Raptor Comply API keys carry api_user-level permissions. Understand what data you can access, how keys are scoped, and what operations are available.
Every API key in Raptor Comply carries api_user role-level access, scoped to a single organization. This role is purpose-built for integrations: it gives you broad read access to your infrastructure data and full CRUD access to cyber assets, while keeping administrative and user-management operations restricted to humans with elevated roles inside the application. Before you start building, understand exactly what your key can and cannot do.
Treat your API key like a password. Store it in an environment variable or a secrets manager. Never commit it to source code, configuration files checked into version control, or any other location where it could be inadvertently exposed. If a key is compromised, your organization admin must revoke it immediately.
What api_user can do
| Capability | Detail |
|---|
| Read all facilities | GET /facilities, GET /facilities/{id} |
| Read all control centers | GET /control-centers, GET /control-centers/{id} |
| Read all cyber systems | GET /cyber-systems, GET /cyber-systems/{id} |
| Full CRUD on cyber assets | GET, POST, PATCH, and DELETE on /cyber-assets and /cyber-assets/{id} |
| Access compliance data | Policy documents, evidence, tasks, and training endpoints are rolling out - see API Reference for current availability |
The read access to facilities, control centers, and cyber systems covers the full organization - you can retrieve every record in the tenant, not just a subset. This makes it straightforward to build sync jobs that mirror your Raptor Comply hierarchy into a CMDB or ITSM system.
What api_user cannot do
The api_user role is intentionally scoped to data operations. It does not grant access to administrative functions, including:
- Modifying organization settings or configuration
- Managing users (creating, updating, or deleting user accounts)
- Sending or canceling invitations
- Assigning or revoking roles
- Viewing or managing activity logs
- Performing any other operation restricted to the Organization Admin role
If your integration requires these capabilities, contact Raptor Comply support to discuss your use case.
API key scope
Each API key is tied to exactly one organization at the time it is generated. The key:
- Cannot be used to access any other tenant, regardless of which headers you pass
- Does not expire on a set schedule - keys remain valid until explicitly revoked by an admin
- Does not share a session with the admin who generated it - the key’s permissions are fixed at the
api_user role and are not affected by changes to that admin’s own account
Because keys do not auto-expire, treat them like long-lived credentials and include key rotation in your security policy. Raptor Comply recommends rotating API keys at least annually and immediately after any suspected exposure.
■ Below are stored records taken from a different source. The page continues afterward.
Lemma phi_weight1 alpha (n : int) : phi_weight alpha (n, 1%N) = alpha n.
Proof. by rewrite /phi_weight big_ord1 addr0. Qed.

Lemma phi_weightD alpha (a : int) (i j : nat) :
  phi_weight alpha (a, (i + j)%N) = phi_weight alpha (a, i) * phi_weight alpha (a + i%:Z, j).
Proof.
rewrite /phi_weight big_split_ord /=; congr (_ * _); apply: eq_bigr => l _.
by rewrite PoszD addrA.
Qed.

Lemma phi_weightM alpha beta b :
  phi_weight (fun n => alpha n * beta n) b = phi_weight alpha b * phi_weight beta b.
Proof. exact: big_split. Qed.

Lemma phi_weight_neq0 alpha b : (forall n, alpha n != 0) -> phi_weight alpha b != 0.
Proof. by move=> alpha_neq0; apply/prodf_neq0. Qed.

Lemma phiE alpha h b : (phi alpha h)@_b = h@_b * phi_weight alpha b.
Proof.
rewrite /phi mcoeff_sum.
under eq_bigr do rewrite mcoeffZ -mulrA.
rewrite (sum_msupp_single b) => [|c /negbTE c_neq]; first by rewrite mcoeffU eqxx mulr1.
by rewrite mcoeffU c_neq !mulr0.
Qed.

Lemma phi_is_linear alpha : linear (phi alpha).
Proof. exact: mcoeff_scale_linear (phiE alpha). Qed.

HB.instance Definition _ alpha :=
  GRing.isLinear.Build k (H k) (H k) *:%R (phi alpha) (phi_is_linear alpha).

Lemma phiU alpha b : phi alpha << b >> = phi_weight alpha b *: << b >>.
Proof.
apply/malgP => c; rewrite phiE mcoeffZ mcoeffU.
by case: eqP => [->|]; rewrite ?mulr1 ?mul1r ?mulr0 ?mul0r.
Qed.

Lemma msupp_phi alpha h : (forall n, alpha n != 0) -> msupp (phi alpha h) = msupp h.
Proof.
move=> alpha_neq0; apply/fsetP => b.
by rewrite -!mcoeff_neq0 phiE mulf_eq0 negb_or phi_weight_neq0 ?andbT.
Qed.
(* Let $G=(X,b,m,c)$ be a weighted graph with $c=0$, let $p\in(1,\infty)$, let $V\subseteq X$ and $\psi,\theta\colon X\to\mathbb{R}$. A function $u\in K_{\psi,\theta}(V)$ is a solution to the obstacle problem on $V$ with obstacle $\psi$ and boundary data $\theta$ if and only if $$\mathcal{E}_{p,\overline V}(u,u)=\min\{\mathcal{E}_{p,\overline V}(v,v):v\in K_{\psi,\theta}(V)\}.$$
   Context: Weighted graph $G=(X,b,m,c)$: $X$ countably infinite; $b$ symmetric, nonnegative, zero on the diagonal, $\sum_yb(x,y)<\infty$; $m>0$; $c\ge0$; $x\sim y$ iff $b(x,y)>0$; $X$ connected. $\partial_eV=\{y\in X\setminus V:y\sim z\text{ for some }z\in V\}$, $\overline V=V\cup\partial_eV$. $a^{\langle p-1\rangle}=|a|^{p-2}a$. For $U\subseteq X$ and functions $u,w$, $\mathcal{E}_{p,U}(u,w)=\frac12\sum_{x,y\in U}b(x,y)(u(x)-u(y))^{\langle p-1\rangle}(w(x)-w(y))$ (with $c=0$), whenever the sum converges absolutely. $D^p(\overline V)=\{v\colon X\to\mathbb{R}:\sum_{x,y\in\overline V}b(x,y)|v(x)-v(y)|^p<\infty\}$. $K_{\psi,\theta}(V)=\{v\in D^p(\overline V):v\ge\psi\text{ on }V,\ v=\theta\text{ on }\partial_eV\}$. A solution to the obstacle problem on $V$ with obstacle $\psi$ and boundary data $\theta$ is $u\in K_{\psi,\theta}(V)$ with $\mathcal{E}_{p,\overline V}(u,v-u)\ge0$ for all $v\in K_{\psi,\theta}(V)$. *)

From HB Require Import structures.
From mathcomp Require Import all_boot all_order all_algebra.
From mathcomp Require Import all_classical all_reals all_analysis.
From Stdlib Require Import Relations.
Set Implicit Arguments. Unset Strict Implicit. Unset Printing Implicit Defensive.
Import Order.TTheory GRing.Theory Num.Theory.
Local Open Scope classical_set_scope.
Local Open Scope ring_scope.

Section Defs.
Variables (R : realType) (X : countType).

Definition adj (b : X -> X -> R) (x y : X) : Prop := 0 < b x y.

(* weighted graph (X,b,m,c) with c = 0 (c does not appear) *)
Definition weighted_graph (b : X -> X -> R) (m : X -> R) : Prop :=
  infinite_set [set: X] /\
  (forall x y, b x y = b y x) /\
  (forall x y, 0 <= b x y) /\
  (forall x, b x x = 0) /\
  (forall x, (\esum_(y in [set: X]) (b x y)%:E < +oo)%E) /\
  (forall x, 0 < m x) /\
  (forall x y, clos_refl_trans X (adj b) x y).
Generating and revoking keys
Only users with the Organization Admin role can generate and revoke API keys inside Raptor Comply.
To get a key:
- Ask your Organization Admin to generate a new API key in the Raptor Comply application.
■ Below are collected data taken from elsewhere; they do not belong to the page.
(* Let $\mathbf G=(G,\le,\cdot,/,0,1)$ be a left-residuated po-groupoid. Then $\mathbf G$ satisfies both the double negation law $\neg\neg x=x$ (for all $x$) and the condition $$\neg x/y\le \neg z\iff z\le x\cdot y\quad\text{for all }x,y,z\in G$$ if and only if $\mathbf G$ satisfies the equation $x\cdot y=\neg(\neg x/y)$ for all $x,y\in G$. Moreover, in this case, for all $x,y\in G$ we have $x\le y$ iff $\neg y\le \neg x$.
   Context: A (bounded integral) left-residuated po-groupoid is a structure $\mathbf G=(G,\le,\cdot,/,0,1)$ where $(G,\le,0,1)$ is a bounded poset with least element $0$ and greatest element $1$, $\cdot$ is a binary operation on $G$ with $1\cdot x=x\cdot 1=x$ for all $x$ (no associativity, commutativity or monotonicity is assumed), and $/$ is a binary operation on $G$ satisfying the left residuation law: for all $x,y,z\in G$, $x\cdot y\le z\iff x\le z/y$. The negation is defined by $\neg x:=0/x$. *)

(* A bounded integral left-residuated po-groupoid (G, <=, *, /, 0, 1). *)
Record LRPoGroupoid := {
  car :> Type;
  le : car -> car -> Prop;
  mul : car -> car -> car;
  rdiv : car -> car -> car;
  bot : car;
  top : car;
  le_refl : forall x, le x x;
  le_antisym : forall x y, le x y -> le y x -> x = y;
  le_trans : forall x y z, le x y -> le y z -> le x z;
  bot_least : forall x, le bot x;
  top_greatest : forall x, le x top;
  mul_1l : forall x, mul top x = x;
  mul_1r : forall x, mul x top = x;
  residuation : forall x y z, le (mul x y) z <-> le x (rdiv z y)
}.

Definition neg (G : LRPoGroupoid) (x : G) : G := rdiv G (bot G) x.


(* If x y = ~(~x / y), then x = x 1 = ~~x, and x <= y gives ~y x = ~(y / x) = ~1 = 0,
   i.e. ~y <= 0 / x: negation is an antitone involution, hence an order
   anti-automorphism, which is the Galois condition.  Conversely, that condition with
   x = 1 says that ~ reflects and reverses the order, and instantiated at z = x y and
   z = ~(~x / y) it yields the two inequalities between x y and ~(~x / y). *)

Section NegationCharacterisation.

Variable G : LRPoGroupoid.
Implicit Types a b x y z : G.

Lemma rdiv_top a : rdiv G a (top G) = a.
Proof.
  apply le_antisym.
  - rewrite <- (mul_1r G (rdiv G a (top G))). apply residuation, le_refl.
  - apply residuation. rewrite mul_1r. apply le_refl.
Qed.

Lemma neg_top : neg G (top G) = bot G.
Proof. apply rdiv_top. Qed.

Lemma rdiv_eq_top a b : le G a b -> rdiv G b a = top G.
Proof.
  intro Hab. apply le_antisym; [apply top_greatest|].
  apply residuation. rewrite mul_1l. exact Hab.
Qed.

Section FromMulNeg.

Hypothesis mul_neg : forall x y, mul G x y = neg G (rdiv G (neg G x) y).

Lemma negK x : neg G (neg G x) = x.
Proof. rewrite <- (rdiv_top (neg G x)), <- mul_neg. apply mul_1r. Qed.

Lemma le_neg a b : le G a b -> le G (neg G b) (neg G a).
Proof.
  intro Hab. apply residuation.
  rewrite mul_neg, negK, (rdiv_eq_top _ _ Hab), neg_top. apply le_refl.
Qed.

Lemma le_neg2 a b : le G a b <-> le G (neg G b) (neg G a).
Proof.
  split; [apply le_neg|].
  intro Hba. rewrite <- (negK a), <- (negK b). apply le_neg, Hba.
Qed.

Lemma le_negC a z : le G a (neg G z) <-> le G z (neg G a).
Proof.
  split; intro H; [rewrite <- (negK z) | rewrite <- (negK a)]; apply le_neg, H.
Qed.

End FromMulNeg.

Section FromGalois.

Hypothesis neg_involutive : forall x, neg G (neg G x) = x.
Hypothesis galois : forall x y z,
  le G (rdiv G (neg G x) y) (neg G z) <-> le G z (mul G x y).

Lemma le_neg2_galois a b : le G (neg G b) (neg G a) <-> le G a b.
Proof.
  pose proof (galois (top G) b a) as Htop.
  rewrite neg_top, mul_1l in Htop. exact Htop.
Qed.

Lemma mul_neg_galois x y : mul G x y = neg G (rdiv G (neg G x) y).
Proof.
  apply le_antisym.
  - rewrite <- (neg_involutive (mul G x y)). apply le_neg2_galois, galois, le_refl.
  - apply galois. rewrite neg_involutive. apply le_refl.
Qed.

End FromGalois.

End NegationCharacterisation.

Theorem lemma2 (G : LRPoGroupoid) :
  (((forall x : G, neg G (neg G x) = x) /\
    (forall x y z : G,
       le G (rdiv G (neg G x) y) (neg G z) <-> le G z (mul G x y)))
   <->
   (forall x y : G, mul G x y = neg G (rdiv G (neg G x) y)))
  /\
  ((forall x y : G, mul G x y = neg G (rdiv G (neg G x) y)) ->
   forall x y : G, le G x y <-> le G (neg G y) (neg G x)).
Proof.
  split; [split|].
  - intros [neg_involutive galois]. exact (mul_neg_galois G neg_involutive galois).
  - intro mul_neg. split; [exact (negK G mul_neg)|].
    intros x y z. rewrite (mul_neg x y). apply le_negC, mul_neg.
  - exact (le_neg2 G).
Qed.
- Have them share it with you through your organization’s standard secrets-handling process. Raptor Comply does not email keys.
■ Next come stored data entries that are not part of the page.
Lemma vdot_Dintegrand (u w : n.-tuple R -> 'I_n -> R) (x y : n.-tuple R) :
  (forall i j k l, Theta y x i j k l = Theta x y i j k l) ->
  (forall j, alpha y x j = - alpha x y j) ->
  vdot (u x) (fun i => Dintegrand alpha (ddot Theta (Dstar alpha w)) x i y)
  = -2 * (bond_form x y (u x) (w y) - bond_form x y (u x) (w x)).
Proof.
move=> ThetaC alphaN.
rewrite /vdot /bond_form -sumrB mulr_sumr; apply: eq_bigr => i _.
rewrite /Dintegrand -sumrB !mulr_sumr; apply: eq_bigr => j _.
rewrite /ddot /Dstar.
set P := \sum_(k < n) _.
(* Theta : D^*(w) takes the same value at (x, y) and at (y, x). *)
have -> : \sum_(k < n) \sum_(l < n)
            Theta y x i j k l * - ((w x k - w y k) * alpha y x l) = P.
  by apply: eq_bigr => k _; apply: eq_bigr => l _; rewrite ThetaC alphaN; ring.
rewrite (_ : u x i * ((P + P) * alpha x y j) = 2 * u x i * alpha x y j * P);
  last by ring.
rewrite /P -sumrB !mulr_sumr; apply: eq_bigr => k _.
by rewrite -sumrB !mulr_sumr; apply: eq_bigr => l _; ring.
Qed.

Lemma bond_formC (x y : n.-tuple R) (p q : 'I_n -> R) :
  (forall i j k l, Theta x y i j k l = Theta x y k l i j) ->
  bond_form x y p q = bond_form x y q p.
Proof.
move=> Theta_major; rewrite /bond_form.
under eq_bigr do rewrite exchange_big.
rewrite exchange_big /=; apply: eq_bigr => k _.
under eq_bigr do rewrite exchange_big.
rewrite exchange_big /=; apply: eq_bigr => l _.
apply: eq_bigr => i _; apply: eq_bigr => j _.
by rewrite Theta_major; ring.
Qed.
- Store the key in an environment variable or secrets manager before you use it.
To revoke a key:
- The Organization Admin must explicitly revoke the key inside Raptor Comply.
- Generating a new key does not automatically revoke the previous one - both keys remain valid until the old one is manually revoked.
- After generating a replacement, update your integration to use the new key, then confirm the old key is revoked.
This means you can rotate keys with zero downtime: generate the new key, deploy the updated credential, verify it works, then revoke the old key.
Coming soon: granular access control
Today, all API keys carry the same api_user permission set. The /access-control endpoints - currently in development - will introduce finer-grained access control, allowing admins to restrict specific keys or users to subsets of facilities, cyber systems, or operations. When this feature is available, you will be able to model least-privilege access patterns directly in Raptor Comply rather than enforcing them solely in your integration layer.
See the API Reference for the current status of access control endpoints.